(* For each finite set $\tau\subseteq\mathbb{S}$ of source labels, the set of graphs $\mathcal{G}^\tau_{\mathrm{gen}}$ is context-free.
   Context: Fix a countably infinite set $\mathbb{S}$ of source labels and a set $\mathbb{A}$ of edge labels with arities $\ge1$. Graphs of sort $\tau$ are isomorphism classes of finite $\mathbb{A}$-labelled hypergraphs with an injective map from $\tau$ into the vertices (sources). HR operations: constants $\mathbf{0}_\tau$ (sources only) and $\mathbf{a}_{(s_1,\ldots,s_{\#a})}$ (single $a$-edge on the $s_i$-sources); unary $\mathsf{restrict}_\tau$ (forget source labels outside $\tau$), $\mathsf{rename}_\alpha$ ($\alpha$ a finite permutation of $\mathbb{S}$, relabelling sources), binary $\parallel$ (disjoint union fusing equally labelled sources). $\mathcal{G}^\tau_{\mathrm{gen}}$ is the set of values of ground terms using only $\mathbf{0}_{\tau'}$ ($\tau'\subseteq\tau$), $\mathbf{a}_{(s_1,\ldots)}$ ($s_i\in\tau$), $\mathsf{restrict}_{\tau'}$ ($\tau'\subseteq\tau$), $\mathsf{rename}_\alpha$ ($\alpha$ fixing all elements outside $\tau$) and $\parallel$. A grammar is a finite set of rules $U\to t$ with $U$ a nonterminal and $t$ a term over HR operations whose variables are nonterminals; a set of graphs is context-free if it is the component of some nonterminal in the least solution of a grammar (terms evaluated on sets by lifting). *)

From Stdlib Require Lists.List.
From mathcomp Require Import all_boot.
Set Implicit Arguments. Unset Strict Implicit. Unset Printing Implicit Defensive.

(* Source labels S := nat (countably infinite).  Finite sets of source labels
   (sorts) are represented by sequences, only membership matters.
   Edge labels: a finite type A with arity ar : A -> nat. *)

Section HR.
Variables (A : finType) (ar : A -> nat).

(* Concrete hypergraphs: a (duplicate-free) list of vertices (natural numbers),
   a list (multiset) of labelled hyperedges (label, attachment sequence), and a
   list of sources (source label, vertex), injective in both components.
   Graphs in the paper's sense are isomorphism classes of these. *)
Record graph := Graph {
  gverts : seq nat;
  gedges : seq (A * seq nat);
  gsrc   : seq (nat * nat) }.

Definition iso (g h : graph) : Prop :=
  exists f : nat -> nat,
    {in gverts g &, injective f} /\
    perm_eq (map f (gverts g)) (gverts h) /\
    perm_eq [seq (e.1, map f e.2) | e <- gedges g] (gedges h) /\
    perm_eq [seq (p.1, f p.2) | p <- gsrc g] (gsrc h).

Record fperm := FPerm {
  fperm_fun :> nat -> nat;
  fperm_bij : bijective fperm_fun;
  fperm_fin : exists n0, forall n, n0 <= n -> fperm_fun n = n }.

Definition hr_zero (tau : seq nat) : graph :=
  Graph (undup tau) [::] [seq (s, s) | s <- undup tau].

Definition hr_edge (a : A) (ss : seq nat) : graph :=
  Graph (undup ss) [:: (a, ss)] [seq (s, s) | s <- undup ss].

Definition hr_restrict (tau : seq nat) (g : graph) : graph :=
  Graph (gverts g) (gedges g) [seq p <- gsrc g | p.1 \in tau].

Definition hr_rename (alpha : fperm) (g : graph) : graph :=
  Graph (gverts g) (gedges g) [seq (alpha p.1, p.2) | p <- gsrc g].

Definition src_vert (g : graph) (s : nat) : option nat :=
  ohead [seq p.2 | p <- gsrc g & p.1 == s].
Definition vert_lab (g : graph) (v : nat) : option nat :=
  ohead [seq p.1 | p <- gsrc g & p.2 == v].

(* parallel composition: disjoint union fusing equally labelled sources;
   the vertices of h are shifted beyond those of g, except the h-sources
   whose label is also a source label of g, which are sent to that source *)
Definition par_map (g h : graph) (v : nat) : nat :=
  let off := (foldr maxn 0 (gverts g)).+1 in
  match vert_lab h v with
  | Some s => match src_vert g s with Some u => u | None => v + off end
  | None => v + off
  end.

Definition hr_par (g h : graph) : graph :=
  let m := par_map g h in
  Graph (gverts g ++ [seq m v | v <- gverts h & m v \notin gverts g])
        (gedges g ++ [seq (e.1, map m e.2) | e <- gedges h])
        (gsrc g ++ [seq (p.1, m p.2) | p <- gsrc h & p.1 \notin unzip1 (gsrc g)]).

Inductive term (N : Type) : Type :=
| TVar of N
| TZero of seq nat
| TEdge (a : A) of (ar a).-tuple nat
| TRestrict of seq nat & term N
| TRename of fperm & term N
| TPar of term N & term N.

Fixpoint value (t : term void) : graph :=
  match t with
  | TVar x => match x with end
  | TZero tau => hr_zero tau
  | TEdge a ss => hr_edge a ss
  | TRestrict tau t => hr_restrict tau (value t)
  | TRename al t => hr_rename al (value t)
  | TPar t1 t2 => hr_par (value t1) (value t2)
  end.

Fixpoint eval_set (N : Type) (sigma : N -> graph -> Prop) (t : term N)
  : graph -> Prop :=
  match t with
  | TVar x => sigma x
  | TZero tau => fun g => g = hr_zero tau
  | TEdge a ss => fun g => g = hr_edge a ss
  | TRestrict tau t => fun g => exists g', eval_set sigma t g' /\ g = hr_restrict tau g'
  | TRename al t => fun g => exists g', eval_set sigma t g' /\ g = hr_rename al g'
  | TPar t1 t2 => fun g => exists g1 g2,
      eval_set sigma t1 g1 /\ eval_set sigma t2 g2 /\ g = hr_par g1 g2
  end.

Definition grammar (N : Type) := seq (N * term N).

Definition least_sol (N : Type) (R : grammar N) (U : N) (g : graph) : Prop :=
  forall sigma : N -> graph -> Prop,
    (forall r, Stdlib.Lists.List.In r R -> forall g', eval_set sigma r.2 g' -> sigma r.1 g') ->
    sigma U g.

(* two sets of concrete graphs denote the same set of isomorphism classes *)
Definition same_classes (L1 L2 : graph -> Prop) : Prop :=
  (forall g, L1 g -> exists h, L2 h /\ iso g h) /\
  (forall h, L2 h -> exists g, L1 g /\ iso g h).

Definition context_free (L : graph -> Prop) : Prop :=
  exists (N : finType) (R : grammar N) (U : N), same_classes (least_sol R U) L.

Fixpoint gen_term (tau : seq nat) (t : term void) : Prop :=
  match t with
  | TVar _ => False
  | TZero tau' => {subset tau' <= tau}
  | TEdge a ss => all (fun s => s \in tau) ss
  | TRestrict tau' t => {subset tau' <= tau} /\ gen_term tau t
  | TRename al t => (forall s, s \notin tau -> al s = s) /\ gen_term tau t
  | TPar t1 t2 => gen_term tau t1 /\ gen_term tau t2
  end.

Definition G_gen (tau : seq nat) (g : graph) : Prop :=
  exists t : term void, gen_term tau t /\ g = value t.

End HR.

From mathcomp Require Import all_boot.
From Stdlib Require List.
Set Implicit Arguments. Unset Strict Implicit. Unset Printing Implicit Defensive.

(* Although G^tau_gen terms may use infinitely many operations, only finitely
   many of them are distinct as functions on graphs: 0_tau' and restrict_tau'
   depend only on a duplicate-free listing of tau' (a word of length at most
   |tau| over tau), a_(s_1,...) on a word of length #a over tau, and a
   renaming fixing every label outside tau on the permutation it induces on
   tau.  A grammar with a single nonterminal X and the rules X -> c for these
   finitely many constants c, X -> op X for these unary operations op, and
   X -> X || X therefore generates exactly G^tau_gen, even up to equality of
   concrete graphs. *)

Lemma InP (T : eqType) (x : T) (s : seq T) : reflect (List.In x s) (x \in s).
Proof.
apply: (iffP idP); elim: s => [|y s IH] //=; rewrite in_cons.
- by case/orP=> [/eqP->|/IH]; [left|right].
- by case=> [->|/IH ->]; rewrite ?eqxx ?orbT.
Qed.

Lemma iso_refl (A : finType) (g : graph A) : iso g g.
Proof.
have pair_idE (T U : Type) (h : U -> U) (l : seq (T * U)) :
    h =1 id -> [seq (p.1, h p.2) | p <- l] = l.
  by move=> hE; rewrite -[RHS]map_id; apply: eq_map => -[x y]; rewrite /= hE.
exists id; rewrite map_id (pair_idE _ _ (map id) _ (@map_id _)).
by rewrite (pair_idE _ _ id (gsrc g) (frefl _)); do !split.
Qed.

Lemma same_classes_eq (A : finType) (L1 L2 : graph A -> Prop) :
  (forall g, L1 g <-> L2 g) -> same_classes L1 L2.
Proof. by move=> L12; split=> g /L12 Lg; exists g; split=> //; apply: iso_refl. Qed.

Fixpoint words (T : Type) (u : seq T) (k : nat) : seq (seq T) :=
  if k is k'.+1 then [seq x :: s | x <- u, s <- words u k'] else [:: [::]].

Lemma mem_words (T : eqType) (u s : seq T) k :
  (s \in words u k) = (size s == k) && all (mem u) s.
Proof.
elim: k s => [|k IH] [|x s] //=.
- by apply/negbTE/allpairsP; case=> [[y t]] /= [_ _].
- apply/allpairsP/and3P.
  + case=> [[y t]] /= [yu tk [-> ->]]; move: tk; rewrite IH => /andP[/eqP -> ->].
    by rewrite eqxx yu.
  + by case=> [sk xu su]; exists (x, s); rewrite /= IH su -eqSS sk.
Qed.

Definition short_words (T : Type) (u : seq T) : seq (seq T) :=
  [seq s | k <- iota 0 (size u).+1, s <- words u k].

Lemma mem_short_words (T : eqType) (u s : seq T) :
  (s \in short_words u) = (size s <= size u) && all (mem u) s.
Proof.
apply/allpairsPdep/andP => [[k [t [+ + ->]]]|[su /allP su']].
- by rewrite mem_iota ltnS mem_words => kle /andP[/eqP-> ->].
- by exists (size s), s; rewrite mem_iota ltnS mem_words su eqxx; split=> //; exact/allP.
Qed.

(* The permutation sending the i-th entry of [u] to the i-th entry of [v],
   or the identity when [v] is not a rearrangement of the duplicate-free [u]. *)
Definition relabel (u v : seq nat) (n : nat) : nat :=
  if uniq u && perm_eq u v && (n \in u) then nth n v (index n u) else n.

Lemma relabel_out u v n : n \notin u -> relabel u v n = n.
Proof. by rewrite /relabel => /negbTE->; rewrite andbF. Qed.

Lemma relabelK u v : cancel (relabel u v) (relabel v u).
Proof.
have uvE : (uniq v && perm_eq v u) = (uniq u && perm_eq u v).
  by rewrite perm_sym; have [/perm_uniq->|] := boolP (perm_eq u v); rewrite ?andbF.
move=> n; rewrite /relabel uvE.
have [/andP[uu uv]|] := boolP (uniq u && perm_eq u v) => //=.
have [nu|nu] := boolP (n \in u); last by rewrite -(perm_mem uv) (negbTE nu).
have lt : index n u < size v by rewrite -(perm_size uv) index_mem.
by rewrite mem_nth // index_uniq ?nth_index // -(perm_uniq uv).
Qed.

Lemma relabel_fin u v : exists n0, forall n, n0 <= n -> relabel u v n = n.
Proof.
exists (\max_(x <- u) x).+1 => n; rewrite /relabel; case: ifP => // /andP[_ nu].
by rewrite ltnNge (leq_bigmax_seq n nu).
Qed.

Definition relabel_perm (u v : seq nat) : fperm :=
  FPerm (Bijective (relabelK u v) (relabelK v u)) (relabel_fin u v).

Lemma perm_map_fixing (T : eqType) (f : T -> T) (s : seq T) :
  injective f -> uniq s -> (forall x, x \notin s -> f x = x) -> perm_eq s (map f s).
Proof.
move=> f_inj s_uniq f_fix.
have sub : {subset map f s <= s}.
  move=> _ /mapP[x xs ->]; apply: contraT => fxs.
  by have /f_inj fxx := f_fix _ fxs; rewrite fxx xs in fxs.
have fs_uniq : uniq (map f s) by rewrite map_inj_uniq.
have [_ eq_fs] := uniq_min_size fs_uniq sub (eq_leq (esym (size_map f s))).
by rewrite perm_sym uniq_perm.
Qed.

Lemma relabel_map_fixing (f : nat -> nat) (s : seq nat) :
  injective f -> uniq s -> (forall x, x \notin s -> f x = x) -> relabel s (map f s) =1 f.
Proof.
move=> f_inj s_uniq f_fix n; have [ns|ns] := boolP (n \in s); last first.
  by rewrite relabel_out ?f_fix.
rewrite /relabel s_uniq perm_map_fixing // ns.
by rewrite (nth_map n) ?index_mem ?nth_index.
Qed.

Section GenGrammar.
Variables (A : finType) (ar : A -> nat) (tau : seq nat).

Local Notation u := (undup tau).
Local Notation X := (TVar ar tt).

Definition tuple_of_word (a : A) (s : seq nat) : (ar a).-tuple nat :=
  insubd (nseq_tuple (ar a) 0) s.

Definition gen_rhs : list (term ar unit) :=
  (List.map (TZero ar unit) (short_words u) ++
   List.flat_map (fun a => List.map (fun s => TEdge unit (tuple_of_word a s)) (words u (ar a)))
     (enum A) ++
   List.map (fun s => TRestrict s X) (short_words u) ++
   List.map (fun v => TRename (relabel_perm u v) X) (words u (size u)) ++
   [:: TPar X X])%list.

Definition gen_grammar : grammar ar unit := List.map (pair tt) gen_rhs.

Lemma gen_grammar_closedE (sigma : unit -> graph A -> Prop) :
  (forall r, List.In r gen_grammar -> forall g, eval_set sigma r.2 g -> sigma r.1 g) <->
  (forall t, List.In t gen_rhs -> forall g, eval_set sigma t g -> sigma tt g).
Proof.
split=> [closed t t_in | closed [[] t] /List.in_map_iff [t' [[<-] t'_in]]].
  exact: (closed (tt, t) (List.in_map _ _ _ t_in)).
exact: closed.
Qed.

Lemma all_mem_undupP s : reflect {subset s <= tau} (all (mem u) s).
Proof. by apply: (iffP allP) => s_sub x /s_sub; rewrite /= mem_undup. Qed.

Lemma short_word_sort s : s \in short_words u -> {subset s <= tau}.
Proof. by rewrite mem_short_words => /andP[_ /all_mem_undupP]. Qed.

Lemma sort_short_word s : {subset s <= tau} -> undup s \in short_words u.
Proof.
move=> s_tau; have s_u : {subset undup s <= u} by move=> x; rewrite !mem_undup; apply: s_tau.
by rewrite mem_short_words (uniq_leq_size (undup_uniq s) s_u); apply/allP.
Qed.

Lemma G_gen_closed t :
  List.In t gen_rhs -> forall g, eval_set (fun=> G_gen ar tau) t g -> G_gen ar tau g.
Proof.
rewrite !List.in_app_iff => -[|[|[|[|[]]]]] //.
- case/List.in_map_iff=> s [<- /InP /short_word_sort s_tau] _ ->.
  by exists (TZero ar void s).
- case/List.in_flat_map=> a [_ /List.in_map_iff [s [<-]]].
  move/InP; rewrite mem_words => /andP[/eqP s_size /all_mem_undupP s_tau] _ ->.
  exists (TEdge void (tuple_of_word a s)); split=> //=.
  by rewrite insubdK -?topredE /= ?s_size //; apply/allP.
- case/List.in_map_iff=> s [<- /InP /short_word_sort s_tau] _ [_ [[t' [t'_gen ->]] ->]].
  by exists (TRestrict s t').
- case/List.in_map_iff=> v [<- _] _ [_ [[t' [t'_gen ->]] ->]].
  exists (TRename (relabel_perm u v) t'); split=> //; split=> // x x_tau.
  by apply: relabel_out; rewrite mem_undup.
- move=> <- _ [_ [_ [[t1 [t1_gen ->]] [[t2 [t2_gen ->]] ->]]]].
  by exists (TPar t1 t2).
Qed.

Lemma least_sol_G_gen g : least_sol gen_grammar tt g -> G_gen ar tau g.
Proof. by move/(_ (fun=> G_gen ar tau)); apply; apply/gen_grammar_closedE; apply: G_gen_closed. Qed.

Lemma G_gen_least_sol g : G_gen ar tau g -> least_sol gen_grammar tt g.
Proof.
case=> t [t_gen ->] sigma /gen_grammar_closedE closed.
elim: t t_gen => [[] | tau' tau'_tau | a ss /allP ss_tau
  | tau' t IH [tau'_tau t_gen] | al t IH [al_fix t_gen] | t1 IH1 t2 IH2 [t1_gen t2_gen]] /=.
- have -> : hr_zero A tau' = hr_zero A (undup tau').
    by rewrite /hr_zero (undup_id (undup_uniq tau')).
  apply: (closed (TZero ar unit (undup tau'))) => //.
  by rewrite !List.in_app_iff; left; apply/List.in_map/InP/sort_short_word.
- have -> : hr_edge a ss = hr_edge a (tuple_of_word a ss) by rewrite /tuple_of_word valKd.
  apply: (closed (TEdge unit (tuple_of_word a ss))) => //.
  rewrite !List.in_app_iff; right; left; apply/List.in_flat_map; exists a.
  split; first by apply/InP; rewrite mem_enum.
  by apply/List.in_map/InP; rewrite mem_words size_tuple eqxx; apply/all_mem_undupP.
- apply: (closed (TRestrict (undup tau') X)).
    by rewrite !List.in_app_iff; do 2 right; left; apply/List.in_map/InP/sort_short_word.
  exists (value t); split; first exact: IH.
  by congr Graph; apply: eq_filter => p; rewrite mem_undup.
- have al_fix_u x : x \notin u -> al x = x by rewrite mem_undup; apply: al_fix.
  have al_inj : injective al := bij_inj (fperm_bij al).
  have u_perm := perm_map_fixing al_inj (undup_uniq tau) al_fix_u.
  apply: (closed (TRename (relabel_perm u (map al u)) X)).
    rewrite !List.in_app_iff; do 3 right; left; apply/List.in_map/InP.
    by rewrite mem_words size_map eqxx; apply/allP => x; rewrite /= (perm_mem u_perm).
  exists (value t); split; first exact: IH.
  congr Graph; apply: eq_map => p /=.
  by rewrite (relabel_map_fixing al_inj (undup_uniq tau) al_fix_u).
- apply: (closed (TPar X X)); first by rewrite !List.in_app_iff; do 4 right; left.
  by exists (value t1), (value t2); split; [exact: IH1 | split; [exact: IH2 |]].
Qed.

End GenGrammar.

Theorem proposition5p1 (A : finType) (ar : A -> nat)
  (har : forall a : A, 0 < ar a) (tau : seq nat) :
  context_free ar (G_gen ar tau).
Proof.
exists unit, (gen_grammar ar tau), tt.
by apply: same_classes_eq => g; split; [apply: least_sol_G_gen | apply: G_gen_least_sol].
Qed.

····················

* **TASK PROMPT**: Return only the part of the records above that opens with the line containing "List.flat_map (fun a" and closes with the line containing "Proof. by rewrite mem_short_words", ends included.

* **SOLVED PROBLEM**:
   List.flat_map (fun a => List.map (fun s => TEdge unit (tuple_of_word a s)) (words u (ar a)))
     (enum A) ++
   List.map (fun s => TRestrict s X) (short_words u) ++
   List.map (fun v => TRename (relabel_perm u v) X) (words u (size u)) ++
   [:: TPar X X])%list.

Definition gen_grammar : grammar ar unit := List.map (pair tt) gen_rhs.

Lemma gen_grammar_closedE (sigma : unit -> graph A -> Prop) :
  (forall r, List.In r gen_grammar -> forall g, eval_set sigma r.2 g -> sigma r.1 g) <->
  (forall t, List.In t gen_rhs -> forall g, eval_set sigma t g -> sigma tt g).
Proof.
split=> [closed t t_in | closed [[] t] /List.in_map_iff [t' [[<-] t'_in]]].
  exact: (closed (tt, t) (List.in_map _ _ _ t_in)).
exact: closed.
Qed.

Lemma all_mem_undupP s : reflect {subset s <= tau} (all (mem u) s).
Proof. by apply: (iffP allP) => s_sub x /s_sub; rewrite /= mem_undup. Qed.

Lemma short_word_sort s : s \in short_words u -> {subset s <= tau}.
Proof. by rewrite mem_short_words => /andP[_ /all_mem_undupP]. Qed.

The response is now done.